Apache Corp. (NYSE: APA) has a price target of $134.00 from 23 brokers. Shares are trading today at $100.87, for an upside potential of $33.13, or 32.8%. The company pays a dividend yield of 0.6% and its forward P/E is 8.3. Apache’s target price is a few pennies below its 52-week high, which may signal that the company is fully priced. Apache’s strongest point has been that it is able to sell about 75% of its production at Brent prices. As the price gap between WTI and Brent narrows, that won’t have a lot of impact on the company unless Brent should suddenly fall below WTI. Like Oxy and Marathon, Apache has no refining to concern itself with.

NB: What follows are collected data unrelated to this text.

(* The class $\mathcal M_2$ of $2$-modular matroids is closed under duality: if $M\in\mathcal M_2$ then $M^*\in\mathcal M_2$.
   Context: An integer matrix $A$ is $\Delta$-modular if the determinant of every $\operatorname{rank}(A)\times\operatorname{rank}(A)$ submatrix has absolute value at most $\Delta$. $\mathcal M_\Delta$ is the class of matroids that are isomorphic to the vector matroid over $\mathbb{R}$ of the columns of some $\Delta$-modular matrix. *)

From Stdlib Require Import Reals.
From HB Require Import structures.
From mathcomp Require Import all_boot all_order all_algebra.
From mathcomp Require Import Rstruct.
Set Implicit Arguments. Unset Strict Implicit. Unset Printing Implicit Defensive.
Import Order.TTheory GRing.Theory Num.Theory.
Local Open Scope ring_scope.

Definition is_matroid (E : finType) (I : {set {set E}}) : Prop :=
  [/\ set0 \in I,
      (forall X Y : {set E}, Y \in I -> X \subset Y -> X \in I) &
      (forall X Y : {set E}, X \in I -> Y \in I -> (#|X| < #|Y|)%N ->
         exists2 e, e \in Y :\: X & e |: X \in I)].

Definition bases (E : finType) (I : {set {set E}}) : {set {set E}} :=
  [set B in I | [forall X in I, (B \subset X) ==> (X == B)]].

(* Dual matroid: its bases are the complements of the bases of M, so its
   independent sets are the subsets of complements of bases of M. *)
Definition dual (E : finType) (I : {set {set E}}) : {set {set E}} :=
  [set X : {set E} | [exists B in bases I, X \subset ~: B]].

Definition realmx (m n : nat) (A : 'M[int]_(m, n)) : 'M[R]_(m, n) :=
  map_mx (fun z : int => z%:~R) A.

Definition Delta_modular (Delta : nat) (m n : nat) (A : 'M[int]_(m, n)) : Prop :=
  forall (f : 'I_(\rank (realmx A)) -> 'I_m) (g : 'I_(\rank (realmx A)) -> 'I_n),
    injective f -> injective g ->
    (`|\det (mxsub f g A)| <= Delta%:Z)%R.
(* Let $f:\Sigma^*\to\Sigma^*$ be a sequential transduction. Then $f$ is $\mathcal{A}p$-sequential if and only if $f$ is $\mathcal{A}p$-rational.
   Context: A congruence $\sim$ on $\Sigma^*$ is aperiodic if there is $n$ with $w^n\sim w^{n+1}$ for all words $w$; $\mathcal{A}p(\Sigma)$ is the set of aperiodic congruences of finite index. For an automaton $\mathcal A=(Q,\Delta,I,F)$, its transition congruence is $u\approx_{\mathcal A}v$ iff for all $p,q\in Q$, there is a run on $u$ from $p$ to $q$ iff there is one on $v$; $\mathcal A$ is aperiodic if $\approx_{\mathcal A}$ is aperiodic. A transducer $\mathcal T=(\mathcal A,o,i,t)$ consists of an automaton $\mathcal A$, outputs $o:\Delta\to\Sigma^*$, initial outputs $i:I\to\Sigma^*$ and final outputs $t:F\to\Sigma^*$, realizing the pairs $(u,i(q_0)\,o(\text{run})\,t(q_n))$ for accepting runs on $u$; it is functional if this relation is a partial function and sequential if $\mathcal A$ is deterministic. A transduction is sequential if realized by a sequential transducer, $\mathcal{A}p$-rational if realized by a functional transducer with aperiodic underlying automaton, and $\mathcal{A}p$-sequential if realized by a sequential transducer with aperiodic underlying automaton. *)

From mathcomp Require Import all_boot.
Set Implicit Arguments. Unset Strict Implicit. Unset Printing Implicit Defensive.

(* The underlying automaton is (delta, init, fin); the output
   of a transition (p,a,q) is out p a q (only meaningful when (p,a,q) is in
   delta, since runs only use transitions of delta). *)
Record transducer (Sigma Q : finType) := Transducer {
  delta : {set Q * Sigma * Q};
  init  : {set Q};
  fin   : {set Q};
  out   : Q -> Sigma -> Q -> seq Sigma;
  iout  : Q -> seq Sigma;
  tout  : Q -> seq Sigma
}.

Section Defs.
Variables (Sigma Q : finType).

Fixpoint has_run (d : {set Q * Sigma * Q}) (p : Q) (u : seq Sigma) (q : Q) : Prop :=
  match u with
  | [::] => p = q
  | a :: u' => exists p', (p, a, p') \in d /\ has_run d p' u' q
  end.

Definition trans_congr (d : {set Q * Sigma * Q}) (u v : seq Sigma) : Prop :=
  forall p q : Q, has_run d p u q <-> has_run d p v q.

Definition wpow (w : seq Sigma) (n : nat) : seq Sigma := flatten (nseq n w).

Definition aperiodic_congr (c : seq Sigma -> seq Sigma -> Prop) : Prop :=
  exists n : nat, forall w : seq Sigma, c (wpow w n) (wpow w n.+1).

Definition aperiodic_trans (T : transducer Sigma Q) : Prop :=
  aperiodic_congr (trans_congr (delta T)).

Definition deterministic (T : transducer Sigma Q) : Prop :=
  (#|init T| <= 1) /\
  (forall p a q1 q2, (p, a, q1) \in delta T -> (p, a, q2) \in delta T -> q1 = q2).
Lemma locally_in_interval (Rb : Rbar) r : 0 < r -> Rbar_lt r Rb ->
  locally r (fun y => 0 < y /\ Rbar_lt y Rb).
Proof.
intros Hr HrR; exact (open_and _ _ (open_gt 0) (open_Rbar_lt Rb) r (conj Hr HrR)).
Qed.

Lemma at_right_in_interval (Rb : Rbar) : Rbar_lt 0 Rb ->
  at_right 0 (fun y => 0 < y /\ Rbar_lt y Rb).
Proof.
intros H; destruct (open_Rbar_lt Rb 0 H) as [e He].
exists e; intros y Hy Hy0; exact (conj Hy0 (He y Hy)).
Qed.

Lemma const0_of_derive0_lim0 (f : R -> R) (Rb : Rbar) :
  (forall r, 0 < r -> Rbar_lt r Rb -> is_derive f r 0) ->
  filterlim f (at_right 0) (locally 0) ->
  forall r, 0 < r -> Rbar_lt r Rb -> f r = 0.
Proof.
intros Hd Hlim r Hr HrR.
assert (Hin : forall y, 0 < y <= r -> 0 < y /\ Rbar_lt y Rb).
{ intros y Hy; split; [lra|]. apply Rbar_le_lt_trans with (Finite r); [simpl; lra | exact HrR]. }
assert (Hcst : forall y, 0 < y < r -> f y = f r).
{ intros y Hy.
  assert (Hcont : forall z, y <= z <= r -> continuity_pt f z).
  { intros z Hz; destruct (Hin z ltac:(lra)) as [Hz0 HzR].
    apply continuity_pt_filterlim, (ex_derive_continuous (V := R_NormedModule)).
    eexists; exact (Hd z Hz0 HzR). }
  destruct (fn_eq_Derive_eq f (fun _ => 0) y r) as [C HC].
  - apply Hcont; lra.
  - apply Hcont; lra.
  - apply continuity_pt_const; intros a b; reflexivity.
  - apply continuity_pt_const; intros a b; reflexivity.
  - intros z Hz; destruct (Hin z ltac:(lra)) as [Hz0 HzR]; eexists; exact (Hd z Hz0 HzR).
  - intros z _; apply ex_derive_const.
  - intros z Hz; destruct (Hin z ltac:(lra)) as [Hz0 HzR].
    rewrite Derive_const; exact (is_derive_unique _ _ _ (Hd z Hz0 HzR)).
  - rewrite (HC y), (HC r); lra. }
apply (filterlim_locally_unique f (F := at_right 0)); [|exact Hlim].
apply filterlim_ext_loc with (fun _ => f r); [|apply filterlim_const].
exists (mkposreal r Hr); intros y Hy Hy0; symmetry; apply Hcst.
split; [exact Hy0|]. apply Rabs_lt_between' in Hy; simpl in Hy; lra.
Qed.
(* Let $F$ be a finite group and let $N$ be a closed, normal, $\sigma$-stable subgroup of $F^{\mathbb{Z}}$ such that $N\cap F^{[\mathbb{Z}]}=\{1\}$. Then $N$ is finite and contained in the centre of $F^{\mathbb{Z}}$.
   Context: $F^{\mathbb{Z}}$ is the group of all functions $\mathbb{Z}\to F$ with pointwise multiplication and the product topology (with $F$ discrete); $F^{[\mathbb{Z}]}$ is its subgroup of finitely supported functions; $\sigma$ is the shift automorphism $\sigma(f)(n)=f(n+1)$; $N$ is $\sigma$-stable if $\sigma(N)=N$. *)

From mathcomp Require Import all_boot all_order all_algebra all_fingroup.
Set Implicit Arguments. Unset Strict Implicit. Unset Printing Implicit Defensive.

Local Open Scope group_scope.

Definition seqZ (gT : finGroupType) := int -> gT.

Definition pmul (gT : finGroupType) (f g : seqZ gT) : seqZ gT := fun n => f n * g n.
Definition pinv (gT : finGroupType) (f : seqZ gT) : seqZ gT := fun n => (f n)^-1.
Definition pone (gT : finGroupType) : seqZ gT := fun _ => 1.

Definition shift (gT : finGroupType) (f : seqZ gT) : seqZ gT := fun n => f (n + 1)%R.

Definition is_subgroupZ (gT : finGroupType) (N : seqZ gT -> Prop) : Prop :=
  N (@pone gT) /\ (forall f g, N f -> N g -> N (pmul f g)) /\
  (forall f, N f -> N (pinv f)).

Definition is_normalZ (gT : finGroupType) (N : seqZ gT -> Prop) : Prop :=
  forall f g, N f -> N (pmul (pinv g) (pmul f g)).

(* sigma(N) = N *)
Definition sigma_stable (gT : finGroupType) (N : seqZ gT -> Prop) : Prop :=
  forall h, N h <-> exists f, N f /\ shift f = h.

(* closed in the product topology (F discrete): the complement is open, i.e.
   every point outside N has a basic cylinder neighbourhood (determined by
   finitely many coordinates) disjoint from N. *)
Definition closedZ (gT : finGroupType) (N : seqZ gT -> Prop) : Prop :=
  forall f, ~ N f -> exists S : seq int,
      forall g, (forall n, n \in S -> g n = f n) -> ~ N g.

Definition fin_supp (gT : finGroupType) (f : seqZ gT) : Prop :=
  exists S : seq int, forall n, n \notin S -> f n = 1.

Definition finite_setZ (gT : finGroupType) (N : seqZ gT -> Prop) : Prop :=
  exists s : seq (seqZ gT), forall f, N f -> exists2 i, (i < size s)%N & f = nth (@pone gT) s i.

Definition in_centreZ (gT : finGroupType) (f : seqZ gT) : Prop :=
  forall g : seqZ gT, pmul f g = pmul g f.

From mathcomp Require Import all_boot all_order all_algebra all_fingroup.
From mathcomp Require Import zify boolp.
From Stdlib Require Import ClassicalEpsilon.
Set Implicit Arguments. Unset Strict Implicit. Unset Printing Implicit Defensive.

(* Centrality: for f in N and a one-point-supported d, normality puts the
   commutator [f, d] in N; it is finitely supported, hence trivial.
   Finiteness: the values at k of the elements of N that are trivial on [0, k)
   form a decreasing chain of subsets of F, stable from some K on.  Together
   with closedness this lets one cut an element of N that is trivial on
   K-windows at both ends of an interval down to a finitely supported element
   of N, which must be trivial.  If g in N is trivial on [0, L) with
   L = |F|^K + K, two K-windows of g beyond L coincide by pigeonhole; cutting
   g times a translate of g^-1 forces g L = 1.  So g vanishes to the right,
   and by the mirror argument to the left: elements of N are determined by
   their values on [0, L), and N is finite. *)

Import GRing.Theory Num.Theory.
Local Open Scope ring_scope.

Lemma decreasing_sets_stabilize (T : finType) (A : nat -> {set T}) :
  (forall k, A k.+1 \subset A k) -> exists K, forall k, (K <= k)%N -> A k = A K.
Proof.
move=> decrA.
have subA : {homo A : i j / (i <= j)%N >-> j \subset i}.
  by apply: homo_leq => // j i k ij jk; apply: subset_trans jk ij.
have ex_card : exists n, `[< exists K, #|A K| = n >] by exists #|A 0%N|; apply/asboolP; exists 0%N.
case: (ex_minnP ex_card) => _ /asboolP[K <-] minK.
exists K => k leKk; apply/eqP; rewrite eqEcard subA //=.
by apply: minK; apply/asboolP; exists k.
Qed.

Lemma pigeonhole_nat (T : finType) (W : nat -> T) :
  exists i j, (i < j <= #|T|)%N /\ W i = W j.
Proof.
pose f (i : 'I_#|T|.+1) := W i.
have /injectivePn[x [y neq_xy eq_fxy]] : ~~ injectiveb f.
  by apply/negP => /injectiveP/leq_card; rewrite card_ord ltnn.
have le_ord (z : 'I_#|T|.+1) : (z <= #|T|)%N by rewrite -ltnS.
case: (ltngtP x y) => [xy|yx|/val_inj xy]; last by rewrite xy eqxx in neq_xy.
- by exists x, y; rewrite xy le_ord.
- by exists y, x; rewrite yx le_ord.
Qed.

Section Sequences.
Variable gT : finGroupType.
Implicit Types (f g : seqZ gT) (N : seqZ gT -> Prop).

Definition tr (t : int) f : seqZ gT := fun n => f (n + t).

Lemma tr0 f : tr 0 f = f.
Proof. by apply: funext => n; rewrite /tr addr0. Qed.

Lemma trD s t f : tr s (tr t f) = tr (s + t) f.
Proof. by apply: funext => n; rewrite /tr addrA. Qed.

Definition tr_stable N := forall t f, N f -> N (tr t f).

Lemma sigma_stable_tr_stable N : sigma_stable N -> tr_stable N.
Proof.
move=> stN.
have tr1 f : N f -> N (tr 1 f) by move=> Nf; apply/stN; exists f.
have trN1 f : N f -> N (tr (-1) f).
  by case/stN=> g [Ng <-]; rewrite -[shift g]/(tr 1 g) trD addNr tr0.
have trn (k : nat) f : N f -> N (tr k%:Z f) /\ N (tr (- k%:Z) f).
  elim: k f => [|k IHk] f Nf; first by rewrite oppr0 tr0.
  have [Nk Nmk] := IHk f Nf.
  rewrite -addn1 PoszD opprD addrC [- _ + _]addrC -!trD.
  by split; [apply: tr1 | apply: trN1].
by case=> k f Nf; [case: (trn k f Nf) | rewrite NegzE; case: (trn k.+1 f Nf)].
Qed.

Definition agree_on f g (a b : int) : Prop := forall n, a <= n < b -> f n = g n.

Definition trivial_on f (a b : int) : Prop := forall n, a <= n < b -> f n = 1%g.

Definition trunc (a b : int) f : seqZ gT := fun n => if a <= n < b then f n else 1%g.

Lemma fin_supp_trunc a b f : fin_supp (trunc a b f).
Proof.
exists [seq a + k%:Z | k <- iota 0 `|b - a|] => n.
rewrite /trunc; case: ifP => // /andP[an nb] /mapP[]; exists `|n - a|%N.
  by rewrite mem_iota; lia.
lia.
Qed.

Definition fin_supp_trivial N := forall f, N f -> fin_supp f -> f = @pone gT.

End Sequences.

Section VanishingPropagates.
Variables (gT : finGroupType) (N : seqZ gT -> Prop).
Hypotheses (N1 : N (@pone gT)) (NM : forall f g, N f -> N g -> N (pmul f g))
  (NV : forall f, N f -> N (pinv f)) (NT : tr_stable N) (NC : closedZ N)
  (NF : fin_supp_trivial N).

Definition leading_value (k : nat) (x : gT) : Prop :=
  exists2 g, N g & trivial_on g 0 k%:Z /\ g k%:Z = x.

Lemma leading_value_pred k x : leading_value k.+1 x -> leading_value k x.
Proof.
case=> g Ng [g0 gk]; exists (tr 1 g); first exact: NT.
split=> [n n0k|]; first by apply: g0; lia.
by rewrite -gk /tr -PoszD addn1.
Qed.

Lemma leading_values_stabilize :
  exists K, forall k x, (K <= k)%N -> leading_value K x -> leading_value k x.
Proof.
pose A k := [set x | `[< leading_value k x >]].
have decrA k : A k.+1 \subset A k.
  by apply/subsetP => x; rewrite !inE => /asboolP/leading_value_pred/asboolP.
have [K stK] := decreasing_sets_stabilize decrA.
exists K => k x leKk lvK.
have : x \in A K by rewrite inE; apply/asboolP.
by rewrite -(stK k leKk) inE => /asboolP.
Qed.

Section StableLeadingValues.
Variable K : nat.
Hypothesis stK : forall k x, (K <= k)%N -> leading_value K x -> leading_value k x.

Lemma agree_on_extend f a (m : nat) :
  (forall t, exists2 h, N h & agree_on h f t (t + K.+1%:Z)) ->
  exists2 g, N g & agree_on g f a (a + (K + m).+1%:Z).
Proof.
move=> locf; elim: m => [|m [g Ng gf]]; first by rewrite addn0; apply: locf.
set j := a + (K + m).+1%:Z.
have [h Nh hf] := locf (j - K%:Z).
pose u := pmul h (pinv g).
have Nu : N u by apply: NM => //; apply: NV.
(* [u] is trivial on the K-window before [j], so [u j] is a leading value at
   level K, hence also at level K + m + 1. *)
have lvu : leading_value K (u j).
  exists (tr (j - K%:Z) u); first exact: NT.
  split=> [n n0K|]; last by rewrite /tr addrC subrK.
  by rewrite /tr /u /pmul /pinv hf ?gf ?mulgV //; lia.
have [v Nv [v0 vj]] := stK (leq_addr m.+1 K) lvu.
exists (pmul (tr (- a) v) g); first by apply: NM => //; apply: NT.
move=> n an; rewrite /pmul /tr.
have [nj|jn] := ltrP n j; first by rewrite v0 ?mul1g ?gf //; lia.
have -> : n = j by lia.
have -> : j - a = (K + m.+1)%N%:Z by lia.
by rewrite vj /u /pmul /pinv mulgKV hf //; lia.
Qed.

Lemma mem_of_local_agreement f :
  (forall t, exists2 h, N h & agree_on h f t (t + K.+1%:Z)) -> N f.
Proof.
move=> locf; apply: contrapT => Nf.
have [S SNf] := NC Nf; pose B := (\max_(s <- S) `|s|)%N.
have [g Ng gf] := agree_on_extend (- B%:Z) (B + B)%N locf.
apply: (SNf g) => // n nS; apply: gf.
have : (`|n| <= B)%N by exact: leq_bigmax_seq nS _.
lia.
Qed.

Lemma mem_trunc u (a b : int) : N u ->
  trivial_on u a (a + K%:Z) -> trivial_on u (b - K%:Z) b -> N (trunc a b u).
Proof.
move=> Nu ua ub; apply: mem_of_local_agreement => t.
have [lt_ta|le_at] := ltrP t a.
  exists (@pone gT) => // n tn; rewrite /trunc /pone.
  by case: ifP => // /andP[an nb]; rewrite ua //; lia.
have [lt_tb|le_bt] := ltrP (t + K%:Z) b.
  by exists u => // n tn; rewrite /trunc; case: ifP => //; lia.
exists (@pone gT) => // n tn; rewrite /trunc /pone.
by case: ifP => // /andP[an nb]; rewrite ub //; lia.
Qed.

End StableLeadingValues.

Lemma trivial_prefix_next : exists L : nat,
  forall g, N g -> trivial_on g 0 L%:Z -> g L%:Z = 1%g.
Proof.
have [K stK] := leading_values_stabilize.
pose M := #|{ffun 'I_K -> gT}|.
exists (M + K)%N => g Ng g0; set L := (M + K)%N in g0 *.
pose W i := [ffun t : 'I_K => g (L + i + t)%N%:Z].
have [i [j [/andP[lt_ij le_jM] eqW]]] := pigeonhole_nat W; rewrite -/M in le_jM.
pose p := (j - i)%N.
pose u := pmul g (pinv (tr p%:Z g)).
have Nu : N u by apply: NM => //; apply/NV/NT.
have u0 : trivial_on u 0 K%:Z.
  by move=> n nK; rewrite /u /pmul /pinv /tr !g0 ?invg1 ?mulg1 //; lia.
pose R := (L + i + K)%N%:Z.
have uR : trivial_on u (R - K%:Z) R.
  case=> [t|t] tR; last by lia.
  have tK : (t - (L + i) < K)%N by lia.
  have := congr1 (fun w : {ffun 'I_K -> gT} => w (Ordinal tK)) eqW; rewrite !ffunE /= /u /pmul /pinv /tr.
  have -> : t%:Z = (L + i + (t - (L + i)))%N%:Z by lia.
  have -> : (L + i + (t - (L + i)))%N%:Z + p%:Z = (L + j + (t - (L + i)))%N%:Z by lia.
  by move=> ->; rewrite mulgV.
(* [trunc 0 R u] is finitely supported, hence trivial; at [L - p] it is [(g L)^-1]. *)
have := congr1 (fun f => f (L - p)%N%:Z) (NF (mem_trunc stK Nu u0 uR) (fin_supp_trunc 0 R u)).
rewrite /trunc /pone /u /pmul /pinv /tr ifT; last by lia.
have -> : (L - p)%N%:Z + p%:Z = L%:Z by lia.
rewrite g0 ?mul1g; last by lia.
by move/eqP; rewrite invg_eq1 => /eqP.
Qed.

Lemma trivial_window_propagates : exists L : nat,
  forall g a, N g -> trivial_on g a (a + L%:Z) -> forall n, a <= n -> g n = 1%g.
Proof.
have [L nextL] := trivial_prefix_next.
exists L => g a Ng ga.
suff ext k : trivial_on g a (a + k%:Z) by move=> n an; apply: (ext `|n - a|.+1); lia.
elim: k => [|k IHk] n nk1; first by lia.
have [nk|kn] := ltrP n (a + k%:Z); first by apply: IHk; lia.
have [kL|Lk] := ltnP k L; first by apply: ga; lia.
have -> : n = L%:Z + (a + (k - L)%N%:Z) by lia.
apply: (nextL (tr (a + (k - L)%N%:Z) g)) => [|m mL]; first exact: NT.
by apply: IHk; lia.
Qed.

End VanishingPropagates.

Section Reflection.
Variable gT : finGroupType.
Implicit Types (f : seqZ gT) (N : seqZ gT -> Prop).

Definition reflectZ f : seqZ gT := fun n => f (- n).

Lemma reflectZK : involutive reflectZ.
Proof. by move=> f; apply: funext => n; rewrite /reflectZ opprK. Qed.

Lemma reflectZ_tr t f : reflectZ (tr t f) = tr (- t) (reflectZ f).
Proof. by apply: funext => n; rewrite /reflectZ /tr opprD opprK. Qed.

Lemma fin_supp_reflectZ f : fin_supp f -> fin_supp (reflectZ f).
Proof.
case=> S fS; exists [seq - s | s <- S] => n nS; apply: fS.
by apply: contra nS => /(map_f -%R); rewrite opprK.
Qed.

Lemma tr_stable_reflectZ N : tr_stable N -> tr_stable (N \o reflectZ).
Proof. by move=> NT t f /= /(NT (- t)); rewrite -reflectZ_tr. Qed.

Lemma closedZ_reflectZ N : closedZ N -> closedZ (N \o reflectZ).
Proof.
move=> NC f /NC[S SNf]; exists [seq - s | s <- S] => g gf.
by apply: SNf => n nS; apply: gf; apply: map_f.
Qed.

Lemma fin_supp_trivial_reflectZ N : fin_supp_trivial N -> fin_supp_trivial (N \o reflectZ).
Proof.
move=> NF f Nf /fin_supp_reflectZ/(NF _ Nf) f1; apply: funext => n.
by have := congr1 (fun h => h (- n)) f1; rewrite /reflectZ opprK.
Qed.

End Reflection.

Lemma finite_setZ_of_inj (gT : finGroupType) (T : finType) (N : seqZ gT -> Prop)
    (w : seqZ gT -> T) :
  (forall f g, N f -> N g -> w f = w g -> f = g) -> finite_setZ N.
Proof.
move=> w_inj.
pose rep t := epsilon (inhabits (@pone gT)) (fun g => N g /\ w g = t).
exists [seq rep t | t <- enum T] => f Nf.
exists (index (w f) (enum T)); first by rewrite size_map index_mem mem_enum.
rewrite (nth_map (w f)) ?index_mem ?mem_enum // nth_index ?mem_enum //.
have [Nr wr] : N (rep (w f)) /\ w (rep (w f)) = w f.
  by apply: (epsilon_spec _ (fun g => N g /\ w g = w f)); exists f.
by apply: w_inj; rewrite ?wr.
Qed.

Lemma central_of_normal (gT : finGroupType) (N : seqZ gT -> Prop) :
  is_subgroupZ N -> is_normalZ N -> fin_supp_trivial N ->
  forall f, N f -> in_centreZ f.
Proof.
move=> [_ [NM NV]] Nnormal NF f Nf g; apply: funext => n; apply/commgP.
pose d : seqZ gT := fun m => if m == n then g n else 1%g.
pose c := pmul (pinv f) (pmul (pinv d) (pmul f d)).
have Nc : N c by apply: NM; [apply: NV | apply: Nnormal].
have c_supp : fin_supp c.
  exists [:: n] => m; rewrite inE /c /pmul /pinv /d => /negbTE ->.
  by rewrite invg1 mul1g mulg1 mulVg.
have := congr1 (fun h => h n) (NF _ Nc c_supp).
by rewrite /c /pmul /pinv /d /pone eqxx commgEl conjgE mulgA => ->.
Qed.

Section TrivialPrefix.
Variables (gT : finGroupType) (N : seqZ gT -> Prop).
Hypotheses (N1 : N (@pone gT)) (NM : forall f g, N f -> N g -> N (pmul f g))
  (NV : forall f, N f -> N (pinv f)) (NT : tr_stable N) (NC : closedZ N)
  (NF : fin_supp_trivial N).

Lemma trivial_of_trivial_prefix : exists L : nat,
  forall g, N g -> trivial_on g 0 L%:Z -> g = @pone gT.
Proof.
have [L right] := trivial_window_propagates N1 NM NV NT NC NF.
have [L' left] := trivial_window_propagates (N := N \o @reflectZ gT) N1
  (fun f g => NM (f := reflectZ f) (g := reflectZ g)) (fun f => NV (f := reflectZ f))
  (tr_stable_reflectZ NT) (closedZ_reflectZ NC) (fin_supp_trivial_reflectZ NF).
exists L => g Ng g0; apply: funext => n.
have g_nonneg m : 0 <= m -> g m = 1%g by apply: (right g 0).
have [n0|n_neg] := lerP 0 n; first exact: g_nonneg.
rewrite -[n]opprK; apply: (left (reflectZ g) (- L'%:Z)); last by lia.
  by rewrite /= reflectZK.
by move=> m mL; apply: g_nonneg; lia.
Qed.

Lemma finite_setZ_of_trivial_prefix : finite_setZ N.
Proof.
have [L trivL] := trivial_of_trivial_prefix.
apply: (@finite_setZ_of_inj _ _ N (fun f => [ffun t : 'I_L => f t%:Z])) => f g Nf Ng eq_fg.
have fg1 : pmul f (pinv g) = @pone gT.
  apply: trivL => [|[t|t] tL]; [by apply: NM => //; apply: NV | | by lia].
  have tL' : (t < L)%N by lia.
  have := congr1 (fun w : {ffun 'I_L -> gT} => w (Ordinal tL')) eq_fg.
  by rewrite !ffunE /pmul /pinv /= => ->; rewrite mulgV.
apply: funext => n; apply/eqP; rewrite eq_mulgV1.
by have := congr1 (fun h => h n) fg1; rewrite /pmul /pinv /pone => ->.
Qed.

End TrivialPrefix.

Theorem lemma6p7 (gT : finGroupType) (N : seqZ gT -> Prop) :
  is_subgroupZ N -> is_normalZ N -> closedZ N -> sigma_stable N ->
  (forall f, N f -> fin_supp f -> f = @pone gT) ->
  finite_setZ N /\ (forall f, N f -> in_centreZ f).
Proof.
move=> Nsub Nnormal NC /sigma_stable_tr_stable NT NF.
split; last exact: central_of_normal.
by case: Nsub => N1 [NM NV]; apply: finite_setZ_of_trivial_prefix.
Qed.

Petroleo Brasileiro SA (NYSE: PBR) has a median target price of $38.04 from 20 brokers. Shares are trading today at $27.28, for an upside potential of $10.76, or 39.4 %, the highest upside in this group. The company pays a dividend yield of 0.6% and its forward P/E is 6.42, both the lowest in this group. Petrobras is investing nearly $225 billion over the next few years to begin producing some 5 billion barrels of crude from the basins offshore of Brazil. In the third quarter, the company produced about 2.6 million barrels/day and expects to raise that total to 3 million barrels/day by the end of 2012. It will need to continue that level of production growth in order to keep up with the costs it will incur.
Of the eight companies in this group, the favorite probably has to be Apache, which has no refining operations and is able to sell the vast majority of its crude at the highest price available. Oxy is a strong second choice. The major integrated companies will feel the drag from their refineries, and Marathon needs to get its Libyan oil back online. As for Petrobras, it’s really a crapshoot at this point.